Assigned task: Among the entries below, only the lines starting at the one with "exists K; intros n N Hn." and ending at the one with "- intros s Hs.", both included, are to be printed exactly.

Available records:
----------

Lemma exists_inf_approx {T : Type} (P : T -> Prop) (D : T -> R) (t0 : T) :
  P t0 -> (forall t, P t -> 0 <= D t) ->
  exists d, (forall t, P t -> d <= D t) /\
            (forall eps, 0 < eps -> exists t, P t /\ D t < d + eps).
Proof.
  intros H0 Hpos.
  destruct (completeness (fun r => exists t, P t /\ r = - D t)) as [l [Hub Hlub]].
  - exists 0. intros r [t [Ht ->]]. specialize (Hpos t Ht). lra.
  - exists (- D t0); eauto.
  - exists (- l). split.
    + intros t Ht. assert (- D t <= l) by (apply Hub; eauto). lra.
    + intros eps He. apply NNPP; intros Hn. assert (l <= l - eps); [|lra].
      apply Hlub. intros r [t [Ht ->]].
      destruct (Rlt_le_dec (D t) (- l + eps)); [exfalso; eauto | lra].
Qed.

Lemma quadratic_nonneg_zero X Y T : 0 <= T ->
  (forall l1 l2, 0 <= - 2 * l1 * X + 2 * l2 * Y + (l1 ^ 2 + l2 ^ 2) * T) -> X = 0 /\ Y = 0.
Proof.
  intros HT H. set (r := / (T + 1)).
  assert (Hr : 0 < r) by (apply Rinv_0_lt_compat; lra).
  assert (HrT : r * T < 1) by (unfold r; apply (Rmult_lt_reg_l (T + 1)); [lra | field_simplify; lra]).
  specialize (H (r * X) (- r * Y)).
  (* with [l = r (X, -Y)] the form equals [r (X^2 + Y^2) (r T - 2)] *)
  assert (HQ : 0 <= r * ((X ^ 2 + Y ^ 2) * (r * T - 2))) by nra.
  rewrite <- (Rmult_0_r r) in HQ. apply Rmult_le_reg_l in HQ; [|exact Hr].
  pose proof (pow2_ge_0 X); pose proof (pow2_ge_0 Y).
  assert (X ^ 2 + Y ^ 2 <= 0) by nra.
  split; nra.
Qed.

Lemma l2norm2_parallelogram x s t : l2 x -> l2 s -> l2 t ->
  l2norm2 (vsub s t) = 2 * l2norm2 (vsub x s) + 2 * l2norm2 (vsub x t)
                       - 4 * l2norm2 (vsub x (vlin (/ 2) s (/ 2) t)).
Proof.
  intros Hx Hs Ht. apply (is_lim_seq_unique_real (fun N => norm2 N (vsub s t))).
  - apply is_lim_seq_norm2, l2_vsub; assumption.
  - apply (is_lim_seq_ext _ _ _ (fun N => eq_sym (norm2_parallelogram N x s t))).
    apply is_lim_seq_minus'; [apply is_lim_seq_plus'|]; apply (is_lim_seq_scal_l _ _ (Finite _));
      apply is_lim_seq_norm2, l2_vsub, l2_vlin || apply is_lim_seq_norm2, l2_vsub; assumption.
Qed.

Lemma ex_lim_ip f g : l2 f -> l2 g -> exists X Y : R,
  is_lim_seq (fun N => re_ip N f g) X /\ is_lim_seq (fun N => im_ip N f g) Y.
Proof.
  intros Hf Hg.
  exists ((l2norm2 f + l2norm2 g - l2norm2 (vsub g f)) / 2),
         ((l2norm2 (vsub g (vscal Ci f)) - l2norm2 f - l2norm2 g) / 2).
  split.
  - apply (is_lim_seq_ext _ _ _ (fun N => eq_sym (re_ip_polarization N f g))).
    apply (is_lim_seq_scal_r _ _ (Finite _)).
    apply is_lim_seq_minus'; [apply is_lim_seq_plus'|]; apply is_lim_seq_norm2;
      auto using l2_vsub.
  - apply (is_lim_seq_ext _ _ _ (fun N => eq_sym (im_ip_polarization N f g))).
    apply (is_lim_seq_scal_r _ _ (Finite _)).
    apply is_lim_seq_minus'; [apply is_lim_seq_minus'|]; apply is_lim_seq_norm2;
      auto using l2_vsub, l2_vscal.
Qed.

Lemma l2norm2_sub_scal b c t (X Y : R) : l2 b -> l2 t ->
  is_lim_seq (fun N => re_ip N t b) X -> is_lim_seq (fun N => im_ip N t b) Y ->
  l2norm2 (vsub b (vscal c t)) = l2norm2 b - 2 * fst c * X + 2 * snd c * Y + Csqmod c * l2norm2 t.
Proof.
  intros Hb Ht LX LY. apply (is_lim_seq_unique_real (fun N => norm2 N (vsub b (vscal c t)))).
  - apply is_lim_seq_norm2, l2_vsub; [exact Hb | apply l2_vscal, Ht].
  - apply (is_lim_seq_ext _ _ _ (fun N => eq_sym (norm2_sub_scal N b c t))).
    apply is_lim_seq_plus'; [apply is_lim_seq_plus'; [apply is_lim_seq_minus'|]|];
      try apply (is_lim_seq_scal_l _ _ (Finite _)); try apply is_lim_seq_norm2; assumption.
Qed.

Definition proj (S : vec -> Prop) (x : vec) : vec :=
  epsilon (inhabits zero_vec) (fun a => S a /\ ortho_compl S (vsub x a)).

Section Projection.

Variable V : vec -> Prop.
Hypothesis HV : closed_subspace V.

Let V_l2 f : V f -> l2 f.
Proof. apply HV. Qed.

Lemma minimizing_seq_cauchy x d (sn : nat -> vec) : l2 x ->
  (forall s, V s -> d <= l2norm2 (vsub x s)) -> (forall n, V (sn n)) ->
  (forall n, l2norm2 (vsub x (sn n)) < d + inv_succ n) ->
  forall n k N, norm2 N (vsub (sn n) (sn k)) <= 2 * inv_succ n + 2 * inv_succ k.
Proof.
  intros Hx Hd HVn Hn n k N.
  assert (Hmid := Hd _ (closed_subspace_vlin V (/ 2) (sn n) (/ 2) (sn k) HV (HVn n) (HVn k))).
  pose proof (Hn n); pose proof (Hn k).
  pose proof (l2norm2_parallelogram x (sn n) (sn k) Hx (V_l2 _ (HVn n)) (V_l2 _ (HVn k))).
  pose proof (norm2_le_l2norm2 (vsub (sn n) (sn k)) N
                (l2_vsub _ _ (V_l2 _ (HVn n)) (V_l2 _ (HVn k)))).
  lra.
Qed.

Lemma closed_subspace_pw_limit (sn : nat -> vec) s : (forall n, V (sn n)) -> pw_cvg sn s ->
  (forall n k N, norm2 N (vsub (sn n) (sn k)) <= 2 * inv_succ n + 2 * inv_succ k) -> V s.
Proof.
  intros HVn Hs Hc.
  assert (Hbound : forall n N, norm2 N (vsub (sn n) s) <= 4 * inv_succ n).
  { intros n N. apply (norm2_pw_limit_le N (sn n) sn s _ n Hs).
    intros k Hk. pose proof (Hc n k N); pose proof (inv_succ_le _ _ Hk); lra. }
  assert (Hl2 : l2 s).
  { replace s with (vsub (sn 0%nat) (vsub (sn 0%nat) s))
      by (apply functional_extensionality; intros p; unfold vsub; ring).
    apply l2_vsub; [apply V_l2, HVn|].
    apply l2_iff_norm2_bounded; exists (4 * inv_succ 0); apply Hbound. }
  destruct HV as (_ & _ & _ & _ & Hclosed). apply (Hclosed sn); [exact HVn | exact Hl2 |].
  intros eps Heps. destruct (inv_succ_small (eps / 4)) as [K HK]; [lra|].
  exists K; intros n N Hn.
  rewrite (rsq_ext N _ (fun p => Csqmod (vsub (sn n) s p))) by (intros; apply Cmod_pow2).
  pose proof (Hbound n N); pose proof (inv_succ_le _ _ Hn). unfold norm2 in *. lra.
Qed.

Lemma exists_dist_minimizer x : l2 x ->
  exists a, V a /\ forall s, V s -> l2norm2 (vsub x a) <= l2norm2 (vsub x s).
Proof.
  intros Hx.
  destruct (exists_inf_approx V (fun s => l2norm2 (vsub x s)) zero_vec) as [d [Hd Happrox]].
  - apply HV.
  - intros s Hs. apply l2norm2_nonneg, l2_vsub, V_l2; assumption.
  - destruct (choice (fun n s => V s /\ l2norm2 (vsub x s) < d + inv_succ n)) as [sn Hsn].
    { intros n. apply Happrox, inv_succ_pos. }
    assert (HVn : forall n, V (sn n)) by apply Hsn.
    assert (Hc := minimizing_seq_cauchy x d sn Hx Hd HVn (fun n => proj2 (Hsn n))).
    destruct (pw_cvg_cauchy_rate sn Hc) as [a Ha].
    assert (HVa : V a) by exact (closed_subspace_pw_limit sn a HVn Ha Hc).
    exists a; split; [exact HVa|]. intros s Hs. apply Rle_trans with d; [|apply Hd, Hs].
    apply l2norm2_le; [apply l2_vsub, V_l2; assumption|]. intros N.
    apply le_epsilon; intros eps Heps. destruct (inv_succ_small eps Heps) as [K HK].
    apply (norm2_pw_limit_le N x sn a _ K Ha). intros k Hk.
    pose proof (norm2_le_l2norm2 (vsub x (sn k)) N (l2_vsub _ _ Hx (V_l2 _ (HVn k)))).
    pose proof (proj2 (Hsn k)); pose proof (inv_succ_le _ _ Hk). lra.
Qed.

Lemma dist_minimizer_orth x a : l2 x -> V a ->
  (forall s, V s -> l2norm2 (vsub x a) <= l2norm2 (vsub x s)) -> ortho_compl V (vsub x a).
Proof.
  intros Hx Ha Hmin. set (b := vsub x a).
  assert (Hb : l2 b) by (apply l2_vsub, V_l2; assumption).
  split; [exact Hb|]. intros t Ht. assert (Hlt := V_l2 t Ht).
  destruct (ex_lim_ip t b Hlt Hb) as (X & Y & LX & LY).
  enough (X = 0 /\ Y = 0) as [-> ->] by (apply orth_iff; split; assumption).
  apply (quadratic_nonneg_zero X Y (l2norm2 t)); [apply l2norm2_nonneg, Hlt|].
  intros l1 l2.
  assert (E : vsub x (vlin 1 a (l1, l2) t) = vsub b (vscal (l1, l2) t))
    by (apply functional_extensionality; intros p; unfold b, vsub, vlin, vscal; ring).
  pose proof (Hmin _ (closed_subspace_vlin V 1 a (l1, l2) t HV Ha Ht)) as Hm.
  rewrite E, (l2norm2_sub_scal b (l1, l2) t X Y Hb Hlt LX LY) in Hm.
  fold b in Hm. unfold Csqmod in Hm; simpl in Hm. lra.
Qed.

Lemma proj_spec x : l2 x -> V (proj V x) /\ ortho_compl V (vsub x (proj V x)).
Proof.
  intros Hx. unfold proj. apply epsilon_spec.
  destruct (exists_dist_minimizer x Hx) as [a [Ha Hmin]].
  exists a. split; [exact Ha | apply dist_minimizer_orth; assumption].
Qed.

Lemma orth_decomposition_unique x a a' : V a -> V a' ->
  ortho_compl V (vsub x a) -> ortho_compl V (vsub x a') -> a = a'.
Proof.
  intros Ha Ha' [_ Horth] [_ Horth'].
  set (v := vsub a a').
  assert (Hv : V v) by (apply closed_subspace_vsub; assumption).
  destruct (proj1 (orth_iff _ _) (Horth v Hv)) as [L _].
  destruct (proj1 (orth_iff _ _) (Horth' v Hv)) as [L' _].
  assert (Hz : v = zero_vec).
  { apply norm2_lim_0_zero.
    apply (is_lim_seq_ext (fun N => re_ip N v (vsub x a') - re_ip N v (vsub x a))).
    - intros N. rewrite <- re_ip_sub_r, <- re_ip_diag. f_equal.
      apply functional_extensionality; intros p; unfold v, vsub; ring.
    - replace 0 with (0 - 0) by ring. apply is_lim_seq_minus'; assumption. }
  apply functional_extensionality; intros p.
  assert (Hp : v p = 0%C) by (rewrite Hz; reflexivity).
  unfold v, vsub in Hp. rewrite <- (Cplus_0_l (a' p)), <- Hp. ring.
Qed.

Lemma proj_unique x a : l2 x -> V a -> ortho_compl V (vsub x a) -> proj V x = a.
Proof.
  intros Hx Ha Horth. destruct (proj_spec x Hx) as [Hp Hporth].
  exact (orth_decomposition_unique x _ _ Hp Ha Hporth Horth).
Qed.

End Projection.

Lemma proj_comm_reducing V T x : closed_subspace V -> reduces T V ->
  (forall f g, T (vsub f g) = vsub (T f) (T g)) -> l2 x -> l2 (T x) ->
  proj V (T x) = T (proj V x).
Proof.
  intros HV [HTV HTperp] HTsub Hx HTx. destruct (proj_spec V HV x Hx) as [Hp Hperp].
  apply proj_unique; auto. rewrite <- HTsub. apply HTperp, Hperp.
Qed.

(** * Closed subspaces containing the basis *)

Definition trunc (K J : nat) (f : vec) : vec :=
  fun p => if andb (Nat.ltb (fst p) K) (Nat.ltb (snd p) J) then f p else 0%C.

Definition row_trunc (K J : nat) (f : vec) : vec :=
  fun p => if andb (Nat.eqb (fst p) K) (Nat.ltb (snd p) J) then f p else 0%C.

Lemma norm2_trunc_sub_le n N f : l2 f -> norm2 N (vsub (trunc n n f) f) <= l2norm2 f - norm2 n f.
Proof.
  intros Hf.
  assert (E : norm2 N (vsub (trunc n n f) f) = norm2 N f - norm2 N (trunc n n f)).
  { unfold norm2. rewrite <- rsq_minus. apply rsq_ext; intros p.
    unfold vsub, trunc. destruct (andb _ _); unfold Csqmod; simpl; ring. }
  assert (Hin : forall M, (M <= n)%nat -> norm2 M (trunc n n f) = norm2 M f).
  { intros M HM. apply rsq_ext_lt. intros [a b] Ha Hb; unfold trunc; simpl in *.
    destruct (Nat.ltb_spec a n), (Nat.ltb_spec b n); try lia; reflexivity. }
  pose proof (norm2_le_l2norm2 f N Hf). pose proof (norm2_le_l2norm2 f n Hf).
  rewrite E. destruct (Nat.le_gt_cases N n) as [HN|HN].
  - rewrite Hin by exact HN. lra.
  - pose proof (norm2_le_mono n N (trunc n n f) ltac:(lia)). rewrite Hin in * by lia. lra.
Qed.

Lemma l2conv_trunc f : l2 f -> l2conv (fun n => trunc n n f) f.
Proof.
  intros Hf eps Heps.
  destruct (proj1 (is_lim_seq_Reals _ _) (is_lim_seq_norm2 f Hf) eps Heps) as [K HK].
  exists K. intros n N Hn. specialize (HK n Hn). unfold R_dist in HK.
  rewrite (rsq_ext N _ (fun p => Csqmod (vsub (trunc n n f) f p))) by (intros; apply Cmod_pow2).
  pose proof (norm2_trunc_sub_le n N f Hf). pose proof (norm2_le_l2norm2 f n Hf).
  unfold norm2 in *. rewrite Rabs_left1 in HK; lra.
Qed.

Section FiniteSupport.

Variable V : vec -> Prop.
Hypothesis HV : closed_subspace V.
Hypothesis Hbasis : forall m, V (basis m).

Lemma closed_subspace_row_trunc K J f : V (row_trunc K J f).
Proof.
  induction J as [|J IH].
  - replace (row_trunc K 0 f) with zero_vec; [apply HV|].
    apply functional_extensionality; intros [a b]; unfold row_trunc; simpl.
    destruct (Nat.eqb a K); reflexivity.
  - replace (row_trunc K (S J) f) with (vlin 1 (row_trunc K J f) (f (K, J)) (basis (K, J))).
    { apply closed_subspace_vlin; auto. }
    apply functional_extensionality; intros p; unfold vlin, row_trunc.
    destruct (index_eq_dec p (K, J)) as [->|Hp]; simpl.
    + rewrite basis_same, Nat.eqb_refl, Nat.ltb_irrefl.
      destruct (Nat.ltb_spec J (S J)); [simpl; ring | lia].
    + rewrite basis_other by exact Hp. destruct p as [a b]; simpl.
      destruct (Nat.eqb_spec a K) as [->|]; simpl; [|ring].
      destruct (Nat.ltb_spec b J), (Nat.ltb_spec b (S J)); simpl; try lia; try ring.
      assert (b = J) by lia; subst; contradiction.
Qed.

----------

Result of this task:
  exists K; intros n N Hn.
  rewrite (rsq_ext N _ (fun p => Csqmod (vsub (sn n) s p))) by (intros; apply Cmod_pow2).
  pose proof (Hbound n N); pose proof (inv_succ_le _ _ Hn). unfold norm2 in *. lra.
Qed.

Lemma exists_dist_minimizer x : l2 x ->
  exists a, V a /\ forall s, V s -> l2norm2 (vsub x a) <= l2norm2 (vsub x s).
Proof.
  intros Hx.
  destruct (exists_inf_approx V (fun s => l2norm2 (vsub x s)) zero_vec) as [d [Hd Happrox]].
  - apply HV.
  - intros s Hs. apply l2norm2_nonneg, l2_vsub, V_l2; assumption.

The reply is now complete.